Lemma Rpower_root_pow x k l : 0 < x -> (0 < k)%nat -> (0 < l)%nat ->
  Rpower x (1 / (INR k * INR l)) ^ l = Rpower x (1 / INR k).
Proof.
  intros Hx Hk Hl; pose proof (lt_0_INR k Hk); pose proof (lt_0_INR l Hl).
  rewrite <- Rpower_pow by apply exp_pos.
  rewrite Rpower_mult; f_equal; field; lra.
Qed.

Lemma v_star_decreasing n : (2 <= n)%nat -> v_star (S n) < v_star n.
Proof.
  intros Hn; destruct n as [|m]; [lia|].
  set (y := Rpower 2 (1 / (INR m * INR (S m)))).
  assert (Hy : 1 < y).
  { assert (0 < INR m * INR (S m)) by (apply Rmult_lt_0_compat; apply lt_0_INR; lia).
    unfold y; rewrite <- (Rpower_O 2) at 1 by lra.
    apply Rpower_lt; [lra | apply Rdiv_lt_0_compat; lra]. }
  assert (Hb1 : beta_n (S m) = y ^ S m)
    by (unfold y; rewrite Rpower_root_pow by (lra || lia); apply beta_n_S).
  assert (Hb2 : beta_n (S (S m)) = y ^ m)
    by (unfold y; rewrite Rmult_comm, Rpower_root_pow by (lra || lia); apply beta_n_S).
  rewrite !v_star_pow, Hb1, Hb2 by lia.
  replace (S m - 1)%nat with m by lia.
  assert (Hr : forall j, 0 < 2 * y ^ j - 1)
    by (intros j; pose proof (pow_R1_Rle y j ltac:(lra)); lra).
  pose proof (log_concave_pow_lt (fun j => 2 * y ^ j - 1) m Hr
                ltac:(simpl; ring) (fun j => two_pow_sub_one_log_concave y j Hy) ltac:(lia))
    as Hlt.
  unfold Rdiv; apply Rmult_lt_compat_l; [lra|].
  apply Rinv_lt_contravar; [apply Rmult_lt_0_compat; apply pow_lt; auto | exact Hlt].
Qed.

Lemma Un_cv_difference_quotient (f : R -> R) l (t : nat -> R) :
  derivable_pt_lim f 0 l -> f 0 = 0 -> Un_cv t 0 -> (forall m, t m <> 0) ->
  Un_cv (fun m => f (t m) / t m) l.
Proof.
  intros Hf Hf0 Ht Ht0 eps Heps.
  destruct (Hf eps Heps) as [delta Hdelta].
  destruct (Ht delta (cond_pos delta)) as [N HN].
  exists N; intros m Hm; unfold Rdist.
  specialize (HN m Hm); unfold Rdist in HN; rewrite Rminus_0_r in HN.
  specialize (Hdelta (t m) (Ht0 m) HN).
  rewrite Rplus_0_l, Hf0, Rminus_0_r in Hdelta; exact Hdelta.
Qed.

Lemma derivable_pt_lim_ln_two_exp_sub_one :
  derivable_pt_lim (fun t => ln (2 * exp t - 1)) 0 2.
Proof.
  assert (Hin : derivable_pt_lim (fun t => 2 * exp t - 1) 0 (2 * exp 0 - 0)).
  { apply (derivable_pt_lim_minus (fun t => 2 * exp t) (fun _ => 1)).
    - apply (derivable_pt_lim_scal exp), derivable_pt_lim_exp.
    - apply derivable_pt_lim_const. }
  assert (Hout : derivable_pt_lim ln (2 * exp 0 - 1) (/ 1)).
  { rewrite exp_0; replace (2 * 1 - 1) with 1 by ring; apply derivable_pt_lim_ln; lra. }
  pose proof (derivable_pt_lim_comp _ ln _ _ _ Hin Hout) as H.
  rewrite exp_0 in H; replace (/ 1 * (2 * 1 - 0)) with 2 in H by field; exact H.
Qed.

Lemma ln2_div_INR_cv : Un_cv (fun m => ln 2 / INR (m + 1)) 0.
Proof.
  pose proof ln_lt_2.
  apply Un_cv_ext with (fun m => / (INR (m + 1) / ln 2)).
  { intros m; assert (0 < INR (m + 1)) by (apply lt_0_INR; lia); field; split; lra. }
  apply cv_infty_cv_0; intros M.
  destruct (INR_unbounded (M * ln 2)) as [N HN]; exists N; intros m Hm.
  assert (INR N <= INR (m + 1)) by (apply le_INR; lia).
  apply (Rmult_lt_reg_r (ln 2)); [|unfold Rdiv; rewrite Rmult_assoc, Rinv_l]; lra.
Qed.

Lemma v_star_cv : Un_cv (fun m => v_star (m + 2)) (1 / 2).
Proof.
  pose proof ln_lt_2.
  set (t m := ln 2 / INR (m + 1)).
  set (F z := 2 * exp (- ln 2 * z)).
  assert (Ht0 : forall m, t m <> 0).
  { intros m; assert (0 < INR (m + 1)) by (apply lt_0_INR; lia).
    apply Rgt_not_eq, Rdiv_lt_0_compat; lra. }
  assert (HF : continuity_pt F 2) by (unfold F; reg).
  pose proof (continuity_seq F _ 2 HF
    (Un_cv_difference_quotient _ 2 t derivable_pt_lim_ln_two_exp_sub_one
       ltac:(cbv beta; rewrite exp_0; replace (2 * 1 - 1) with 1 by ring; apply ln_1)
       ln2_div_INR_cv Ht0)) as Hcv.
  replace (F 2) with (1 / 2) in Hcv.
  2: { unfold F; replace (- ln 2 * 2) with (- (ln 2 + ln 2)) by ring.
       rewrite exp_Ropp, exp_plus, exp_ln by lra; field. }
  apply Un_cv_ext with (2 := Hcv); intros m.
  assert (0 < INR (m + 1)) by (apply lt_0_INR; lia).
  assert (HINR : INR (m + 2) - 1 = INR (m + 1)) by (rewrite !plus_INR; simpl; ring).
  assert (Hbeta : beta_n (m + 2) = exp (t m))
    by (unfold beta_n, Rpower, t; rewrite HINR; f_equal; field; lra).
  unfold v_star, F; rewrite Hbeta; unfold Rpower; do 2 f_equal.
  replace (1 - INR (m + 2)) with (- INR (m + 1)) by lra.
  unfold t; field; split; lra.
Qed.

● ● ● ● ● ● ●

Work task » From the records above, copy only the lines starting with the line that holds "exists N; intros m Hm; unfold Rdist." and going on through the line that holds "assert (Hin : derivable_pt_lim", exactly as written.

Solution to the problem »
  exists N; intros m Hm; unfold Rdist.
  specialize (HN m Hm); unfold Rdist in HN; rewrite Rminus_0_r in HN.
  specialize (Hdelta (t m) (Ht0 m) HN).
  rewrite Rplus_0_l, Hf0, Rminus_0_r in Hdelta; exact Hdelta.
Qed.

Lemma derivable_pt_lim_ln_two_exp_sub_one :
  derivable_pt_lim (fun t => ln (2 * exp t - 1)) 0 2.
Proof.
  assert (Hin : derivable_pt_lim (fun t => 2 * exp t - 1) 0 (2 * exp 0 - 0)).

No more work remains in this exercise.